Jerome K. Jerome is a British writer of the Victorian period, best known for his comic novels. His most famous and enduring work is Three Men in a Boat.
Jerome Klapka Jerome was born in the village of Caldmore, near Birmingham in Central England. Jerome’s father was an ironmonger and a non-conformist preacher. The family enjoyed a middle-class lifestyle for many years, although a series of bad investments forced them into poverty when Jerome was two years old. Because of this, the family had to leave their house, and Jerome spent his childhood as a poor boy (“Jerome the Man”). Jerome’s financial situation went from bad to worse at age 13, when his father died. Two years later, his mother passed away, and Jerome was forced to drop out of grammar school to work menial jobs.
Despite these difficult circumstances, Jerome developed a passion for literature, politics, and the theatre. In his late teens and twenties, he held a variety of jobs including acting, journalism, and teaching school. He was not particularly successful at any of these occupations.
Jerome finally broke through creatively in 1885, when he published a memoir about his time working for a low-budget theatre troupe. He then began to publish comedic essays in a magazine called Home Chimes.
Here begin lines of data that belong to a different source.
(* For every integer $n\ge3$ with $n\not\equiv 2\pmod 4$ and every positive integer $s$, there exists a $(1,s,n)$-AONT.
   Context: Let $X$ be a finite alphabet with $|X|=v$ and $0\le t\le s$. A $(t,s,v)$-AONT is a bijection $\phi:X^s\to X^s$ such that for every $I\subseteq\{1,\dots,s\}$ with $|I|=t$ and every $J\subseteq\{1,\dots,s\}$ with $|J|=s-t$, the map $x\mapsto\big((x_i)_{i\in I},(\phi(x)_j)_{j\in J}\big)$ is a bijection $X^s\to X^t\times X^{s-t}$. *)

From mathcomp Require Import all_boot.
Set Implicit Arguments. Unset Strict Implicit. Unset Printing Implicit Defensive.

Definition word (X : finType) (s : nat) := {ffun 'I_s -> X}.

(* For I, J subsets of {1..s} (here {0..s-1}), the map
   x |-> ((x_i)_{i in I}, (phi x)_j_{j in J})  from X^s to X^I x X^J. *)
Definition aont_proj (X : finType) (s : nat) (phi : word X s -> word X s)
  (I J : {set 'I_s}) (x : word X s)
  : {ffun {i : 'I_s | i \in I} -> X} * {ffun {j : 'I_s | j \in J} -> X} :=
  ([ffun i => x (val i)], [ffun j => phi x (val j)]).

(* (t,s,v)-AONT over alphabet X (with |X| = v): a bijection phi : X^s -> X^s
   such that for all I, J with |I| = t, |J| = s - t the map above is a bijection. *)
Definition is_AONT (X : finType) (t s : nat) (phi : word X s -> word X s) : Prop :=
  bijective phi /\
  forall I J : {set 'I_s}, #|I| = t -> #|J| = s - t ->
    bijective (aont_proj phi I J).

(* If f is an orthomorphism of a finite abelian group X, i.e. both f and
   x |-> x - f x are injective, then psi y := (\sum_(k <= i) y_k +
   \sum_(k > i) f y_k)_i is a bijection of X^s whose inverse is a
   (1, s, |X|)-AONT: changing only the output coordinate y_j changes every
   input coordinate by y_j - y'_j or by f y_j - f y'_j, neither of which
   vanishes.  Orthomorphisms exist on Z_m for m odd (x |-> -x), on Z_2^2 and
   Z_2^3, and are stable under direct products; this covers every order
   n > 0 with n <> 2 mod 4. *)
From HB Require Import structures.
From mathcomp Require Import all_boot all_algebra zify.
Import GRing.Theory.

Set Implicit Arguments.
Unset Strict Implicit.
Unset Printing Implicit Defensive.

Definition orthomorphism {X : zmodType} (f : X -> X) : Prop :=
  injective f /\ injective (fun x => (x - f x)%R).

Definition has_orthomorphism (n : nat) : Prop :=
  exists (X : finZmodType) (f : X -> X), #|X| = n /\ orthomorphism f.

Lemma bij_aont_proj (X : finType) (s t : nat) (phi : word X s -> word X s)
    (I J : {set 'I_s}) :
  #|I| = t -> #|J| = s - t -> t <= s ->
  injective (aont_proj phi I J) -> bijective (aont_proj phi I J).
Proof.
move=> cI cJ ts inj_proj; apply: inj_card_bij inj_proj _.
rewrite card_prod !card_ffun !card_sig.
by rewrite -[#|[pred x in I]|]/#|I| -[#|[pred x in J]|]/#|J| cI cJ card_ord
  -expnD subnKC.
Qed.

Section OrthomorphismAONT.

Variables (X : finZmodType) (f : X -> X) (s : nat).
Hypothesis orth_f : orthomorphism f.

Definition psi (y : word X s) : word X s :=
  [ffun i : 'I_s => (\sum_(k < s) (if (k <= i)%N then y k else f (y k)))%R].

Lemma psi_sub_off1 (y y' : word X s) (j i : 'I_s) :
  (forall k, k != j -> y k = y' k) ->
  (psi y i - psi y' i =
     if (j <= i)%N then y j - y' j else f (y j) - f (y' j))%R.
Proof.
move=> eq_off_j; rewrite !ffunE -sumrB (bigD1 j) //= big1 ?addr0.
  by case: ifP.
by move=> k /eq_off_j ->; rewrite subrr.
Qed.

Lemma psi_eq_off1 (y y' : word X s) (j i : 'I_s) :
  (forall k, k != j -> y k = y' k) -> psi y i = psi y' i -> y = y'.
Proof.
move=> eq_off_j eq_i; apply/ffunP=> k.
have [->|] := eqVneq k j; last exact: eq_off_j.
have /esym/eqP := psi_sub_off1 i eq_off_j; rewrite eq_i subrr.
by case: ifP => _; rewrite subr_eq0 => /eqP // /orth_f.1.
Qed.

Lemma psi_subS (y : word X s) (i j : 'I_s) : val j = (val i).+1 ->
  (psi y j - psi y i = y j - f (y j))%R.
Proof.
move=> Ej; rewrite !ffunE -sumrB (bigD1 j) //= big1 ?addr0.
  by rewrite leqnn Ej ltnn.
move=> k neq_kj; have neq_kSi : val k != (val i).+1.
  by rewrite -Ej; apply: contra neq_kj => /eqP /val_inj ->.
by rewrite Ej leq_eqVlt (negbTE neq_kSi) /= ltnS subrr.
Qed.

Lemma psi_inj : injective psi.
Proof.
move=> y y' eq_psi.
have eq_pos (k : 'I_s) : 0 < k -> y k = y' k.
  move=> k_gt0; have pk_lt : (val k).-1 < s.
    exact: leq_ltn_trans (leq_pred _) (ltn_ord k).
  have Ek : val k = (val (Ordinal pk_lt)).+1 by rewrite /= prednK.
  by apply: orth_f.2; rewrite /= -(psi_subS y Ek) -(psi_subS y' Ek) eq_psi.
apply/ffunP=> k; have [k0|/eq_pos //] := posnP k.
suff -> : y = y' by [].
apply: (psi_eq_off1 (j := k) (i := k)); last by rewrite eq_psi.
move=> k' neq_k'k; apply: eq_pos; rewrite lt0n.
by apply: contra neq_k'k => /eqP k'0; apply/eqP/val_inj; rewrite /= k0 k'0.
Qed.

Lemma psi_inverse_AONT : exists phi : word X s -> word X s, is_AONT 1 phi.
Proof.
have [phi psiK phiK] := injF_bij psi_inj.
exists phi; split; first by exists psi.
move=> I J cI cJ.
have s_gt0 : 0 < s by have := max_card I; rewrite cI card_ord.
apply: (bij_aont_proj cI cJ s_gt0) => x x' /pair_equal_spec[/ffunP eqI /ffunP eqJ].
have [i Ii] : exists i, I = [set i] by apply/cards1P/eqP.
have [j Jj] : exists j, ~: J = [set j].
  by apply/cards1P/eqP; rewrite cardsCs setCK cJ card_ord subKn.
have eq_off_j k : k != j -> phi x k = phi x' k.
  move=> neq_kj; have kJ : k \in J by rewrite -[J]setCK Jj !inE.
  by have := eqJ (exist _ k kJ); rewrite !ffunE.
have eq_i : psi (phi x) i = psi (phi x') i.
  have iI : i \in I by rewrite Ii set11.
  by rewrite !phiK; have := eqI (exist _ i iI); rewrite !ffunE.
by rewrite -[x]phiK -[x']phiK (psi_eq_off1 eq_off_j eq_i).
Qed.

End OrthomorphismAONT.

Lemma double_inj_mod (m x y : nat) : odd m -> x < m -> y < m ->
  x.*2 = y.*2 %[mod m] -> x = y.
Proof.
move=> odd_m xm ym eq2.
(* m.+1./2 is an inverse of 2 modulo m *)
have half_inv z : z = z.*2 * m.+1./2 %[mod m].
  have double_half : m.+1./2.*2 = m.+1 by rewrite -[RHS]odd_double_half /= odd_m.
  by rewrite -muln2 -mulnA mul2n double_half mulnS addnC modnMDl.
by rewrite -(modn_small xm) -(modn_small ym) half_inv [y %% m]half_inv
  -modnMml eq2 modnMml.
Qed.

Lemma oppr_orthomorphism (m : nat) :
  odd m.+1 -> orthomorphism (fun x : 'I_m.+1 => (- x)%R).
Proof.
move=> odd_m; split; first exact: oppr_inj.
move=> x y /= /(congr1 val); rewrite !opprK /= !addnn => eq2.
exact/ord_inj/(double_inj_mod odd_m (ltn_ord x) (ltn_ord y)).
Qed.

Section SmallOrthomorphisms.
Local Open Scope ring_scope.
Variable G : zmodType.

Lemma orthomorphism2 : orthomorphism (fun p : G * G => (p.2, p.1 + p.2)).
Proof.
split=> [[a b] [c d] /= [-> /addIr ->] // | [a b] [c d] /= [eq1 eq2]].
have eq_ac : a = c.
  by move: eq2; rewrite !opprD [b + _]addrCA [d + _]addrCA !subrr !addr0
    => /oppr_inj.
by move: eq1; rewrite eq_ac => /addrI /oppr_inj ->.
Qed.

Lemma orthomorphism3 :
  orthomorphism (fun p : G * (G * G) => (- p.2.2, (p.1 + p.2.2, p.2.1))).
Proof.
split=> [[a [b c]] [a' [b' c']] /= [/oppr_inj eq_c] | ].
  by rewrite eq_c => /addIr -> ->.
move=> [a [b c]] [a' [b' c']] /= [eq1 eq2 eq3]; rewrite !opprK in eq1.
have eq_b : b = b' by have := congr2 +%R eq2 eq1; rewrite !subrK.
move: eq3; rewrite -eq_b => /addIr eq_c.
by move: eq1; rewrite -eq_c => /addIr ->.
Qed.

End SmallOrthomorphisms.

HB.instance Definition _ (X Y : finZmodType) := GRing.Zmodule.on (X * Y)%type.

Lemma has_orthomorphismM (a b : nat) :
  has_orthomorphism a -> has_orthomorphism b -> has_orthomorphism (a * b).
Proof.
move=> [X [f [cX [f_inj fB_inj]]]] [Y [h [cY [h_inj hB_inj]]]].
exists (X * Y)%type, (fun p => (f p.1, h p.2)).
split; first by rewrite card_prod cX cY.
by split=> [[p1 p2] [q1 q2] /= [/f_inj -> /h_inj ->] | [p1 p2] [q1 q2] /=
  [/fB_inj -> /hB_inj ->]].
Qed.

Lemma has_orthomorphism_odd (m : nat) : odd m -> has_orthomorphism m.
Proof.
case: m => // m odd_m.
exists ('I_m.+1 : finZmodType), (fun x => - x)%R.
by split; [rewrite card_ord | exact: oppr_orthomorphism].
Qed.

Lemma has_orthomorphism4 : has_orthomorphism 4.
Proof.
eexists ('Z_2 * 'Z_2 : finZmodType)%type, _.
by split; [rewrite card_prod card_ord | exact: orthomorphism2].
Qed.

Lemma has_orthomorphism8 : has_orthomorphism 8.
Proof.
eexists ('Z_2 * ('Z_2 * 'Z_2) : finZmodType)%type, _.
by split; [rewrite !card_prod card_ord | exact: orthomorphism3].
Qed.

Lemma has_orthomorphism_mod4 (n : nat) :
  0 < n -> n %% 4 <> 2 -> has_orthomorphism n.
Proof.
elim/ltn_ind: n => n IH n_gt0 n_mod4.
have [odd_n|even_n] := boolP (odd n); first exact: has_orthomorphism_odd.
have [quarter_mod4|quarter_mod4] := eqVneq (n %/ 4 %% 4) 2.
  have -> : n = 8 * (n %/ 8) by lia.
  by apply: has_orthomorphismM has_orthomorphism8 (has_orthomorphism_odd _); lia.
have -> : n = 4 * (n %/ 4) by lia.
by apply: has_orthomorphismM has_orthomorphism4 (IH _ _ _ _); lia.
Qed.

Theorem corollary3p4 :
  forall n s : nat, 3 <= n -> n %% 4 <> 2 -> 0 < s ->
  exists (X : finType) (phi : word X s -> word X s),
    #|X| = n /\ is_AONT 1 phi.
Proof.
move=> n s n_ge3 n_mod4 _.
have [X [f [cX orth_f]]] := has_orthomorphism_mod4 (ltnW (ltnW n_ge3)) n_mod4.
have [phi AONT_phi] := psi_inverse_AONT s orth_f.
by exists X, phi.
Qed.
He married his wife, Georgina, in 1888, and they spent their honeymoon rowing on the Thames. Their trip inspired his most successful work, Three Men in a Boat, which was serialized in Home Chimes in 1889. Although Three Men in a Boat was poorly received by critics, it was immensely popular among readers of all social classes. Royalties from the book ensured Jerome financial freedom for the rest of his life. He devoted himself to writing full-time, although he remained critically unpopular and his later works sold inconsistently. Jerome published a sequel to Three Men in a Boat called Three Men on the Bummel in 1898, but it garnered mixed reviews and mediocre sales.
When World War I broke out in 1914, Jerome was eager to contribute to the war effort. Because he was too old to join the British military, he drove an ambulance for the French throughout the war. He returned to England traumatized, and was further psychologically damaged by the death of his beloved stepdaughter, Elsie. Jerome wrote an autobiography in 1926, and died in 1927 of a stroke.